• PROVIDED RECORDS
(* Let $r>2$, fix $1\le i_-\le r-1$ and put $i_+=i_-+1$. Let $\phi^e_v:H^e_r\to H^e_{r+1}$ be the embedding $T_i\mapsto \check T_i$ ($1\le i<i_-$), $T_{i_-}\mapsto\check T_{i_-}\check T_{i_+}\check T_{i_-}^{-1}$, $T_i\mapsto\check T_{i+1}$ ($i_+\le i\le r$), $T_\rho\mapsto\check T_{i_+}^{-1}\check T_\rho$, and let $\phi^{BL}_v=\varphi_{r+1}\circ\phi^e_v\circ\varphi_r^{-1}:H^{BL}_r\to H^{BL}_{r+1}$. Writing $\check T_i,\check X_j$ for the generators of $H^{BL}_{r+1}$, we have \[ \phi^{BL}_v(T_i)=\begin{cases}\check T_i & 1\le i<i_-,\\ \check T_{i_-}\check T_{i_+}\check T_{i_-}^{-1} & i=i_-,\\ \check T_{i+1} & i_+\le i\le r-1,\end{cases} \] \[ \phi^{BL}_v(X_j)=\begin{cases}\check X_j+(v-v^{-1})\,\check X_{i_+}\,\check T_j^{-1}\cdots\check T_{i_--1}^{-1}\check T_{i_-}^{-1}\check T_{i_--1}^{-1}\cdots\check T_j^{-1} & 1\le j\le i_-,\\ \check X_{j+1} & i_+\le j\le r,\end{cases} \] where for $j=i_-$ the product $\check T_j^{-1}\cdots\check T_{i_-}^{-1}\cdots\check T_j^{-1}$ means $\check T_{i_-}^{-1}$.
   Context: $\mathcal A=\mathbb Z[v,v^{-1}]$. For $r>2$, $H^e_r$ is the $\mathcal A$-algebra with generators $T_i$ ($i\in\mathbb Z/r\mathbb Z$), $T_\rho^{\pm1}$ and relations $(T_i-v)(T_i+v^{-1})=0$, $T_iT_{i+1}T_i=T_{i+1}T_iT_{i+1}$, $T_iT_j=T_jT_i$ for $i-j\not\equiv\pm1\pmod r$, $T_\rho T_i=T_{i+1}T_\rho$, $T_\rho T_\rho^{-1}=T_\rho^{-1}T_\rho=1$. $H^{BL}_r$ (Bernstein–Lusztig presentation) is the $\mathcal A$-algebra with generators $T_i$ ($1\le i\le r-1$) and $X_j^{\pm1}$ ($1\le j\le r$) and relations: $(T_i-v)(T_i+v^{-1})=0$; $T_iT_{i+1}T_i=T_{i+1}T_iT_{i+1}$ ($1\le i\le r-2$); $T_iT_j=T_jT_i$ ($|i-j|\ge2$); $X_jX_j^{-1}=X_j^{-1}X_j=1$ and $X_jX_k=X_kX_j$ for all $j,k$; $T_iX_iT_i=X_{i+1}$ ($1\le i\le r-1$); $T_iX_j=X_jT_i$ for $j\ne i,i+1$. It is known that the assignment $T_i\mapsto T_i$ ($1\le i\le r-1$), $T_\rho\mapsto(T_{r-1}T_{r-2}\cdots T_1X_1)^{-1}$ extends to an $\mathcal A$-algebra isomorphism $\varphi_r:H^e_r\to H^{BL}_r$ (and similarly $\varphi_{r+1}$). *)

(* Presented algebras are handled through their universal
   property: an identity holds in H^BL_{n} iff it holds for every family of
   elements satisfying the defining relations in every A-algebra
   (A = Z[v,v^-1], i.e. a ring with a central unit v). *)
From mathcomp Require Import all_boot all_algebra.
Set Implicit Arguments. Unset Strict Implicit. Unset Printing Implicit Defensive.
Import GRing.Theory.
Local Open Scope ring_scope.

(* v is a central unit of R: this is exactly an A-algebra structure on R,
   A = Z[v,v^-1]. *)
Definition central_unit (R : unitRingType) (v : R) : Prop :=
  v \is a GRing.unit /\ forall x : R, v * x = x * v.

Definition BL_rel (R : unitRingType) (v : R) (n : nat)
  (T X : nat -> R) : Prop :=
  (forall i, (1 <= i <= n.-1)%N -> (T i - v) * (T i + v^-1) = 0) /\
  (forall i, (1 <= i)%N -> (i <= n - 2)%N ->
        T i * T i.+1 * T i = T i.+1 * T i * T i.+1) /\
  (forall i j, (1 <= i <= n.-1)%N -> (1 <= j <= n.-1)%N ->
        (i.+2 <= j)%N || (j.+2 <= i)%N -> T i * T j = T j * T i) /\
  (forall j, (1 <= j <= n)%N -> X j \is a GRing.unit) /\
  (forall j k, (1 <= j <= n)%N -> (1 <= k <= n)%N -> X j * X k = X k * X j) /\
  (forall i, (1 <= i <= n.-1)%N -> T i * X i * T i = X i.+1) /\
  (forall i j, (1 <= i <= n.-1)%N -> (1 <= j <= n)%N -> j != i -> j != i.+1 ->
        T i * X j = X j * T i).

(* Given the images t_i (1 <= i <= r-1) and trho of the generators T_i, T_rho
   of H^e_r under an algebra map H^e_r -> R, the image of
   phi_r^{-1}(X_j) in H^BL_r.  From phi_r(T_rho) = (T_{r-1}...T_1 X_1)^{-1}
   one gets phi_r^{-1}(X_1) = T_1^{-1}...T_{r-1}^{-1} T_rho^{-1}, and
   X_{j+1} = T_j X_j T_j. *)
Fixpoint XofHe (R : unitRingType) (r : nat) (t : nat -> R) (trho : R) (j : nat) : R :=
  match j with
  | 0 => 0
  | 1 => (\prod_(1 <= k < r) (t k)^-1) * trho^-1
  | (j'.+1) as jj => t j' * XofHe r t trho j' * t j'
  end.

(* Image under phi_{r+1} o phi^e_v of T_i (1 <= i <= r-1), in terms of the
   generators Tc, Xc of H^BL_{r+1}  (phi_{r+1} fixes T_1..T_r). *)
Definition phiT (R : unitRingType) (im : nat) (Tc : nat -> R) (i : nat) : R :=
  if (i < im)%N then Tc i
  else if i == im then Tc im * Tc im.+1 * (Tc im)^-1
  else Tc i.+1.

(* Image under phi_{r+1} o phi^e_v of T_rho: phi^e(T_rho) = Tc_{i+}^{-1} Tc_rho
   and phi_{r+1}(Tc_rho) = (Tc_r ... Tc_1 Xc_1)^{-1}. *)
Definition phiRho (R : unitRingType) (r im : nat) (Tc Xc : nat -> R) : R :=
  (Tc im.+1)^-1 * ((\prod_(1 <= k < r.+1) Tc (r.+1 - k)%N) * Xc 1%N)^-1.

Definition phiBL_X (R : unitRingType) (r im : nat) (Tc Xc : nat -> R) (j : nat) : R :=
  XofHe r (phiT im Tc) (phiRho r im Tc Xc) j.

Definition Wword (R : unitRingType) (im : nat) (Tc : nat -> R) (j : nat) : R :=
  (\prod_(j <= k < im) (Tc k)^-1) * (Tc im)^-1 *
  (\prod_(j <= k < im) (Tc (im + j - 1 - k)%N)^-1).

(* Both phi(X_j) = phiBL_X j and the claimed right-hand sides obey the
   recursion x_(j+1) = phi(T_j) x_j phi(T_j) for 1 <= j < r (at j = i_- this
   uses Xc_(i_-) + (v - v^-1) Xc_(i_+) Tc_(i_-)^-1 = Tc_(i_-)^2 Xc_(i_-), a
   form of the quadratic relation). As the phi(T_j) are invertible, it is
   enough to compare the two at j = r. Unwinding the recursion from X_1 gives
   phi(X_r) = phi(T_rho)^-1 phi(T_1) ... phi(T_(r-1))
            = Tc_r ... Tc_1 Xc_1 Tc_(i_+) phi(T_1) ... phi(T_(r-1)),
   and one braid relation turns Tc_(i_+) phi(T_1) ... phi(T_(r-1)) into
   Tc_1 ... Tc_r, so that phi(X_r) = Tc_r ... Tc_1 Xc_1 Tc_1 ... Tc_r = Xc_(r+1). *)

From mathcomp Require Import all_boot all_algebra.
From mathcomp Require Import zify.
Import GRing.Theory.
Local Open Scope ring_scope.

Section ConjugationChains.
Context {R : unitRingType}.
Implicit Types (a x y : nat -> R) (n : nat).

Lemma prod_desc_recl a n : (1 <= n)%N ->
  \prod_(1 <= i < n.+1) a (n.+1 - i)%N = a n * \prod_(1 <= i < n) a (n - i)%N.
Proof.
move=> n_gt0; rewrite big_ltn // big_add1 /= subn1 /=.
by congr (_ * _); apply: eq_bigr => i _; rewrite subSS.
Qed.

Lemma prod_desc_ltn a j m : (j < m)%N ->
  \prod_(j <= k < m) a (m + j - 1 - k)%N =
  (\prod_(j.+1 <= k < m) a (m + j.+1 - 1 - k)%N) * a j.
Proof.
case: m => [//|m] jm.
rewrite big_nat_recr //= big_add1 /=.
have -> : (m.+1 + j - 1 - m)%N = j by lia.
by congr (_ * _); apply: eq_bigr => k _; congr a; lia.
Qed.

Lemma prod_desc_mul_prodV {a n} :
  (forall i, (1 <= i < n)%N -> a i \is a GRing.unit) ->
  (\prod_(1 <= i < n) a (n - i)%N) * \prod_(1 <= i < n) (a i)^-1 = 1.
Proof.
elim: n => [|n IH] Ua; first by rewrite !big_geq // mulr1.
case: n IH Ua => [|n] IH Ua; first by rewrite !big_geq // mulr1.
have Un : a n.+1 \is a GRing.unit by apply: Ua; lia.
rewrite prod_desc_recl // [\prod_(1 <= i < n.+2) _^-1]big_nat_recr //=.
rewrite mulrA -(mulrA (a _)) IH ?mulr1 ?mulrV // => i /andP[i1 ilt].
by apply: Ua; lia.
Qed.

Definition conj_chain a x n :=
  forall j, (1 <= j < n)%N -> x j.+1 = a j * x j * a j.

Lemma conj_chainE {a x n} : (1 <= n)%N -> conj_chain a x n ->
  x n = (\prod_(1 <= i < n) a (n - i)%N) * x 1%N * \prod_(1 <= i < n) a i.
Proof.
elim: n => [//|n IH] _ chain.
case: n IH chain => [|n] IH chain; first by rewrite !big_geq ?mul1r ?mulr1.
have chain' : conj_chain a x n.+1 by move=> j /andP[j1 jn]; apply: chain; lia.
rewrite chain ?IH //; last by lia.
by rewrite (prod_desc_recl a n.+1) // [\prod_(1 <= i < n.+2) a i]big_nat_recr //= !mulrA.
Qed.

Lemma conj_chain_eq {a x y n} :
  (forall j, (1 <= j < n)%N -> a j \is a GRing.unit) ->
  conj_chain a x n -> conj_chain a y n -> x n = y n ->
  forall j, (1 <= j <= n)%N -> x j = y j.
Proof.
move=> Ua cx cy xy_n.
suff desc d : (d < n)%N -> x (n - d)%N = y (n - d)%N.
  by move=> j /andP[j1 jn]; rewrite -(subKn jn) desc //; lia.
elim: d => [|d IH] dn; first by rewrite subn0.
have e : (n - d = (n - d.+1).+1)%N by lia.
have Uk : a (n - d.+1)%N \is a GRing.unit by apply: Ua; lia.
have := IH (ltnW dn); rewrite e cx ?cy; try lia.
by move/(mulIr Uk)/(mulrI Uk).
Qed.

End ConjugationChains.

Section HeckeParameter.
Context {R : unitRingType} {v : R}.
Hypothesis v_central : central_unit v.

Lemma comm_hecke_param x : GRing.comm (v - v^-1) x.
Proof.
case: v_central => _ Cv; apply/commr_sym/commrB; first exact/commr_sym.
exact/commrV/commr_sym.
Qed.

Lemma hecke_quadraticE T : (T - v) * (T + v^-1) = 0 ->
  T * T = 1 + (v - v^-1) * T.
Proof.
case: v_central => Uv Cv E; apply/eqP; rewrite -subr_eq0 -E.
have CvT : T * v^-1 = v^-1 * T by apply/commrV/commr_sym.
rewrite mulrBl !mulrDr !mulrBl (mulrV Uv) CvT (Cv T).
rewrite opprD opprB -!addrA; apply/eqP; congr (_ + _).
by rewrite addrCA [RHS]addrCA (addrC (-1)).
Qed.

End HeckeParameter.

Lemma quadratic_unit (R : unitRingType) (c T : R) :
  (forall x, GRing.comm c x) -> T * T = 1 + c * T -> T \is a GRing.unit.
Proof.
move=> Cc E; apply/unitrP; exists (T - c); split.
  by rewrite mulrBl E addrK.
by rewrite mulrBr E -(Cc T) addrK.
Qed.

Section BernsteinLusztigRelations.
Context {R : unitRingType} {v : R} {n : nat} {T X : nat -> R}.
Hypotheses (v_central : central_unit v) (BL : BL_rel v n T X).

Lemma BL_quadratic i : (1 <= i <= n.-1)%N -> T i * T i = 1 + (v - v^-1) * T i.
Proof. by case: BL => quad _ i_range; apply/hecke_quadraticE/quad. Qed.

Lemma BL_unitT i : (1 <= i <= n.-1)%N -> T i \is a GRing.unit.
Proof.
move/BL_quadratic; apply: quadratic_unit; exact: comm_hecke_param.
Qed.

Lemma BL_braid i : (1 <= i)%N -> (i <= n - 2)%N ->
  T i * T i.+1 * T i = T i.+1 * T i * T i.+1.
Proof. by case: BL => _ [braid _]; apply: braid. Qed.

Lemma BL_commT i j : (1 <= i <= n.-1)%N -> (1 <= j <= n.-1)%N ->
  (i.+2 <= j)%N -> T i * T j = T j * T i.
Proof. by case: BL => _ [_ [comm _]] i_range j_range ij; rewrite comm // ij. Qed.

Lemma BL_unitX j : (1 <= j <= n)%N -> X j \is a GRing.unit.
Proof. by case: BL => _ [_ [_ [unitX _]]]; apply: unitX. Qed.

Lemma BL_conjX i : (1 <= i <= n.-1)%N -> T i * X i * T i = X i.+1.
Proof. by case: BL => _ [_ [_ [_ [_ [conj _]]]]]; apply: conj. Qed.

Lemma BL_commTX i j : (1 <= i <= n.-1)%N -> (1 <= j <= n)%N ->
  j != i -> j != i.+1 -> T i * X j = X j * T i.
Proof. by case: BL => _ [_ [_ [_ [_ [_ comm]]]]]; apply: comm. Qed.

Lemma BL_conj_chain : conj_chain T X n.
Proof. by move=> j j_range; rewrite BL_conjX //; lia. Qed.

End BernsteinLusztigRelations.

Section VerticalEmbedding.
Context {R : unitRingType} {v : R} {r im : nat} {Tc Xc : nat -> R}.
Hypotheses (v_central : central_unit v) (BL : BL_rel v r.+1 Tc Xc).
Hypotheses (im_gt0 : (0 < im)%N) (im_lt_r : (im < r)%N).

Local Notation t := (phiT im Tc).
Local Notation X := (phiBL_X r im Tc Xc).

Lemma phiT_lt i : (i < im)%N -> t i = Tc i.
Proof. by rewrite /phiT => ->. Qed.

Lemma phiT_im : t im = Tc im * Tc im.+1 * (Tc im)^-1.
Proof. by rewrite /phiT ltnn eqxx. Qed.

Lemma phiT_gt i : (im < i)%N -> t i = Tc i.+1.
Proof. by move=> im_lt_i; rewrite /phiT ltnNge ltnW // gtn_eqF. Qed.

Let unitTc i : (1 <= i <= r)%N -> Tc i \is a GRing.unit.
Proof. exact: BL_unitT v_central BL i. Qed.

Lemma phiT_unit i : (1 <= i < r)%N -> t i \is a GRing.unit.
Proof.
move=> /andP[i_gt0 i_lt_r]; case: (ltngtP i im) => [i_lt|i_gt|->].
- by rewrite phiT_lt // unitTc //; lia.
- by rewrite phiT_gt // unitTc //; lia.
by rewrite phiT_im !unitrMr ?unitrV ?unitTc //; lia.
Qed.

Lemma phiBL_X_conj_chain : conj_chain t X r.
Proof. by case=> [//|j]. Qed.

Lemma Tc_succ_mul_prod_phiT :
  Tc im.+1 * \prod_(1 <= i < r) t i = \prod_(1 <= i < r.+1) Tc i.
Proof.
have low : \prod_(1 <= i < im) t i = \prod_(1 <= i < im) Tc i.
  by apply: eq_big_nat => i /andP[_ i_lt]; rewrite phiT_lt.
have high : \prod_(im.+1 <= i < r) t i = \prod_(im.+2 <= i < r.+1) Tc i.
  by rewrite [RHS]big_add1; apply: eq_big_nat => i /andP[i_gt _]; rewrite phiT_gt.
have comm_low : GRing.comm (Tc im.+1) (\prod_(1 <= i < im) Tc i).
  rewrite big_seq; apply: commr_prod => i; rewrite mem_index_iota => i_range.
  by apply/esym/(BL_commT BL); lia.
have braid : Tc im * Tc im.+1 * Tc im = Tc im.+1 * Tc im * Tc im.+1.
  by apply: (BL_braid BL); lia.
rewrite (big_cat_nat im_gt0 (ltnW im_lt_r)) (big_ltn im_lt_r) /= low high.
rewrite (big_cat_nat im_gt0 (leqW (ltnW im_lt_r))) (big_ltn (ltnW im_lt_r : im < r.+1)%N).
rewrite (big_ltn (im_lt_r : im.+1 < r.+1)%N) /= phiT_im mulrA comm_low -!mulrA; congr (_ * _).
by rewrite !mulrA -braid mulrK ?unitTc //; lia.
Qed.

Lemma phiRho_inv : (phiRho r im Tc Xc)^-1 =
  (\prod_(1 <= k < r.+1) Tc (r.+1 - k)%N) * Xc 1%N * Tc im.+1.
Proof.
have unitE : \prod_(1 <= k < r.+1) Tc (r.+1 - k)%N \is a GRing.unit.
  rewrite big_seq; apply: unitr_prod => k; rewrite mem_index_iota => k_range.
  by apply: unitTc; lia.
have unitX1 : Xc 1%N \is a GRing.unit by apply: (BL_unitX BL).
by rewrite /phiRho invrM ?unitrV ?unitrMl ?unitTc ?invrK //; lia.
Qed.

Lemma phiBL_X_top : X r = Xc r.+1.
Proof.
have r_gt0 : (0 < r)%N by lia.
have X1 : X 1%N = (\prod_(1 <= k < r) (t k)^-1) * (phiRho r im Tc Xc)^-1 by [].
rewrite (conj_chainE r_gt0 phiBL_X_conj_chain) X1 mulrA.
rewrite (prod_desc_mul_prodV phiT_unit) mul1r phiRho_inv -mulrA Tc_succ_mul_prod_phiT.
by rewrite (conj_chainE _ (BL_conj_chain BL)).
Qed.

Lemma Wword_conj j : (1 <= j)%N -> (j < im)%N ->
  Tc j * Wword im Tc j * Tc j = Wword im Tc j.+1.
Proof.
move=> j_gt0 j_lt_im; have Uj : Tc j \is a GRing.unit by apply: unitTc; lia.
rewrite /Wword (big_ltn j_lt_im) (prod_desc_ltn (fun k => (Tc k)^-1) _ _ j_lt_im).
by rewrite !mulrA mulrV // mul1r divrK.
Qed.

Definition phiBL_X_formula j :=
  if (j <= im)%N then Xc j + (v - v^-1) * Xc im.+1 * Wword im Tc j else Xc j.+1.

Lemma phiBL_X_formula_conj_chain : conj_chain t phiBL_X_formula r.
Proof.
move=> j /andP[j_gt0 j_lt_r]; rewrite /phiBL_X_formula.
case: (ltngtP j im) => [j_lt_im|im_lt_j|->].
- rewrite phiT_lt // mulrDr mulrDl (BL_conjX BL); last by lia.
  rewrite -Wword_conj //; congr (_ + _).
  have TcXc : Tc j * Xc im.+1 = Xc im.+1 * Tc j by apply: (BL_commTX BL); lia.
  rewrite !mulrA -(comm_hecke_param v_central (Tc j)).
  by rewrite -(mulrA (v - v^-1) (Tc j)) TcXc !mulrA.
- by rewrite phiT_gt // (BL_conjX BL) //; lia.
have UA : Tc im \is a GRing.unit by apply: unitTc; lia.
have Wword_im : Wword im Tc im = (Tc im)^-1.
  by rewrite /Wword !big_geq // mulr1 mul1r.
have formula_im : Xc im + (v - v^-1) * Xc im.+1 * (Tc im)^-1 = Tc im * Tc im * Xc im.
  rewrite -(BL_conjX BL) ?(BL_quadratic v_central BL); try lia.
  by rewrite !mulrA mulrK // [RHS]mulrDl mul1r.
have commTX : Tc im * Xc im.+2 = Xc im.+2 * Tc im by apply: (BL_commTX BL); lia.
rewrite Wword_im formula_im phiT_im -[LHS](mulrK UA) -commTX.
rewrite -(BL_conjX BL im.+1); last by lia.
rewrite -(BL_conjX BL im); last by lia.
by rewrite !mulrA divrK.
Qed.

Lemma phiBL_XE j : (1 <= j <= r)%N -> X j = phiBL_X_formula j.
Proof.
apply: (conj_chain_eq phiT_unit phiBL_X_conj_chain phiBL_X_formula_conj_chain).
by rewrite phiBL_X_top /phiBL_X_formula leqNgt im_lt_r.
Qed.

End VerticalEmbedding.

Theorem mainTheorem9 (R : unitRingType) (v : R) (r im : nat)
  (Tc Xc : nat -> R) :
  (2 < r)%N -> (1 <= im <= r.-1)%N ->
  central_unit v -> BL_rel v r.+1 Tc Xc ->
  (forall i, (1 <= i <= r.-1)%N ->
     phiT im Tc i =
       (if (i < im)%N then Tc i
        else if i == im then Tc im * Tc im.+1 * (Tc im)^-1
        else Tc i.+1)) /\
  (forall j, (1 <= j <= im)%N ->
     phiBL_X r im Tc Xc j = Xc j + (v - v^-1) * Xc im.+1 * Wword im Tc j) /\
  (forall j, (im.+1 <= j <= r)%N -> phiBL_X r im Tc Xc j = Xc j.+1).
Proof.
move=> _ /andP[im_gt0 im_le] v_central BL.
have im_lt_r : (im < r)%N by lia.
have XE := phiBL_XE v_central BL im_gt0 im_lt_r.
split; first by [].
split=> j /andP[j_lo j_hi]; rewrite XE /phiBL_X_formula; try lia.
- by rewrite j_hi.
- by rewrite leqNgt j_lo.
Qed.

• REQUIRED WORK
What lines in the material mention "ltnW"? Copy every one of them.

• ANSWER TO THIS PROBLEM
have := IH (ltnW dn); rewrite e cx ?cy; try lia.
Proof. by move=> im_lt_i; rewrite /phiT ltnNge ltnW // gtn_eqF. Qed.
rewrite (big_cat_nat im_gt0 (ltnW im_lt_r)) (big_ltn im_lt_r) /= low high.
rewrite (big_cat_nat im_gt0 (leqW (ltnW im_lt_r))) (big_ltn (ltnW im_lt_r : im < r.+1)%N).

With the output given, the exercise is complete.